Before you test a supervised model, you’ll need separate, non-overlapping sets for training and testing.

In vastorbit, the train_test_split() method uses a random number generator to assign each row to either the training or the testing set, ensuring that the two sets never overlap.

from vastorbit.datasets import load_titanic

titanic = load_titanic()
# LinearRegression is ``scikit-learn`` backed and rejects NaN, so we drop rows
# with missing values in the columns we model on before splitting.
titanic = titanic.dropna(columns = ["age", "fare", "survived"])
train, test = titanic.train_test_split()
titanic.shape()
train.shape()
test.shape()

Because the split is driven by a random assignment, it depends on the order in which the rows are processed.
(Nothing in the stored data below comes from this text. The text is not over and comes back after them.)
Definition concave_on {R : realType} (D : set R) (f : R -> R) : Prop :=
  forall a b t, D a -> D b -> 0 <= t <= 1 ->
    t * f a + (1 - t) * f b <= f (t * a + (1 - t) * b).

Definition strictly_concave_on {R : realType} (D : set R) (f : R -> R) : Prop :=
  forall a b t, D a -> D b -> a != b -> 0 < t < 1 ->
    t * f a + (1 - t) * f b < f (t * a + (1 - t) * b).

Definition convex_on_rV {R : realType} {m : nat} (D : set 'rV[R]_m)
    (f : 'rV[R]_m -> R) : Prop :=
  forall v w t, D v -> D w -> 0 <= t <= 1 ->
    f (t *: v + (1 - t) *: w) <= t * f v + (1 - t) * f w.

Definition strictly_convex_on_rV {R : realType} {m : nat} (D : set 'rV[R]_m)
    (f : 'rV[R]_m -> R) : Prop :=
  forall v w t, D v -> D w -> v != w -> 0 < t < 1 ->
    f (t *: v + (1 - t) *: w) < t * f v + (1 - t) * f w.

Definition differentiable_on_nonneg {R : realType} (f : R -> R) : Prop :=
  (forall t : R, 0 < t -> derivable f t 1) /\
  (exists l : R, (fun h : R => h^-1 * (f h - f 0)) @ 0^'+ --> l).

From HB Require Import structures.
From mathcomp Require Import all_boot all_order all_algebra.
From mathcomp Require Import all_classical all_reals all_analysis.
From mathcomp Require Import ring lra.
Import Order.TTheory GRing.Theory Num.Theory.
Import numFieldNormedType.Exports.
Local Open Scope classical_set_scope.
Local Open Scope ring_scope.

(* Firm i's payoff is concave in its own strategy.  In a market where the
   others supply a, the revenue t |-> u(a+t) t/(a+t) lies below
   t |-> u'(s) t + (u(s) - u'(s) s) t/(a+t), with equality at a + t = s; this
   majorant is concave since t/(a+t) is concave and u(s) - u'(s) s >= 0 by
   concavity and u(0) = 0.  Under (a) or (b) the payoff is even strictly
   concave, so the midpoint of two distinct best responses would do strictly
   better: every equilibrium is strict.

   For existence, let p be the price extended continuously to 0, N = n and
     phi(y) = (N y p(N y) + (N - 1) int_0^(N y) p) / N^2.
   Then phi'(y) = p(N y) + y p'(N y) is a firm's marginal revenue when all N
   firms supply y, so Phi(v) = sum_x phi_x(v_x) - c(v) has the same one-sided
   directional derivatives at v as a firm's payoff at the symmetric profile v.
   A maximiser of Phi on the compact simplex thus satisfies every firm's
   first-order condition, which suffices by concavity. *)

Section RealCalculus.
Context {R : realType}.
Implicit Types (f : R -> R) (s d : R).

Lemma derivable_rquot_cvg [f s] d : derivable f s 1 ->
  (fun h => h^-1 * (f (s + h * d) - f s)) @ 0^'+ --> d * derive1 f s.
Proof.
move=> df; apply: cvg_dnbhs_at_right.
have dfs : differentiable f s by apply/derivable1_diffP.
have -> : d * derive1 f s = 'D_d f s by rewrite deriveE // diff1E.
suff -> : (fun h => h^-1 * (f (s + h * d) - f s)) =
          (fun h => h^-1 *: ((f \o shift s) (h *: d) - f s)).
  exact: diff_derivable.
by apply/funext => h /=; rewrite [_ + s]addrC.
Qed.

Lemma concave_le_tangent [f s0] s : concave_on nonneg_half f -> 0 < s0 ->
  derivable f s0 1 -> 0 <= s -> f s <= f s0 + derive1 f s0 * (s - s0).
Proof.
move=> fc s0_gt0 df s_ge0; rewrite -lerBlDl mulrC.
apply: (cvgr_to_ge (derivable_rquot_cvg (s - s0) df)).
near=> h.
have h_gt0 : 0 < h by near: h; apply: nbhs_right_gt.
have h_le1 : h <= 1 by near: h; apply: nbhs_right_le.
have := fc s s0 h s_ge0 (ltW s0_gt0); rewrite h_le1 ltW // => /(_ isT).
rewrite (_ : h * s + (1 - h) * s0 = s0 + h * (s - s0)); last by ring.
by rewrite ler_pdivlMl //; lra.
Unshelve. all: by end_near.
Qed.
If your data isn’t sorted by a unique (or near-unique) feature, the same row could end up in a different set from one run to the next. To make the split consistent and reproducible, pass the order_by parameter so the rows are processed in a deterministic order.

train, test = titanic.train_test_split(order_by = {"fare": "asc"})

Even if fare has duplicates, ordering the data this way drastically decreases the likelihood of a collision.

Let’s create a model and evaluate it.

from vastorbit.machine_learning.vast import LinearRegression

model = LinearRegression()

When fitting the model with the fit() method, you can use the parameter test_relation to score your data on a specific relation.

model.fit(
    train,
    ["age", "fare"],
    "survived",
    test,
)
model.report()
value
explained_variance0.06834558226202614
max_error0.8148086579154292
median_absolute_error0.41007540688564303
mean_absolute_error0.4532428335681724
mean_squared_error0.28173659962403746
root_mean_squared_error0.4724297906777503
r20.06775762580934841
r2_adj0.06230591601875979
aic-430.9168603498986
bic-419.5093942542298

All model evaluation abstractions will now use the test relation for the scoring. After that, you can evaluate the efficiency of your model.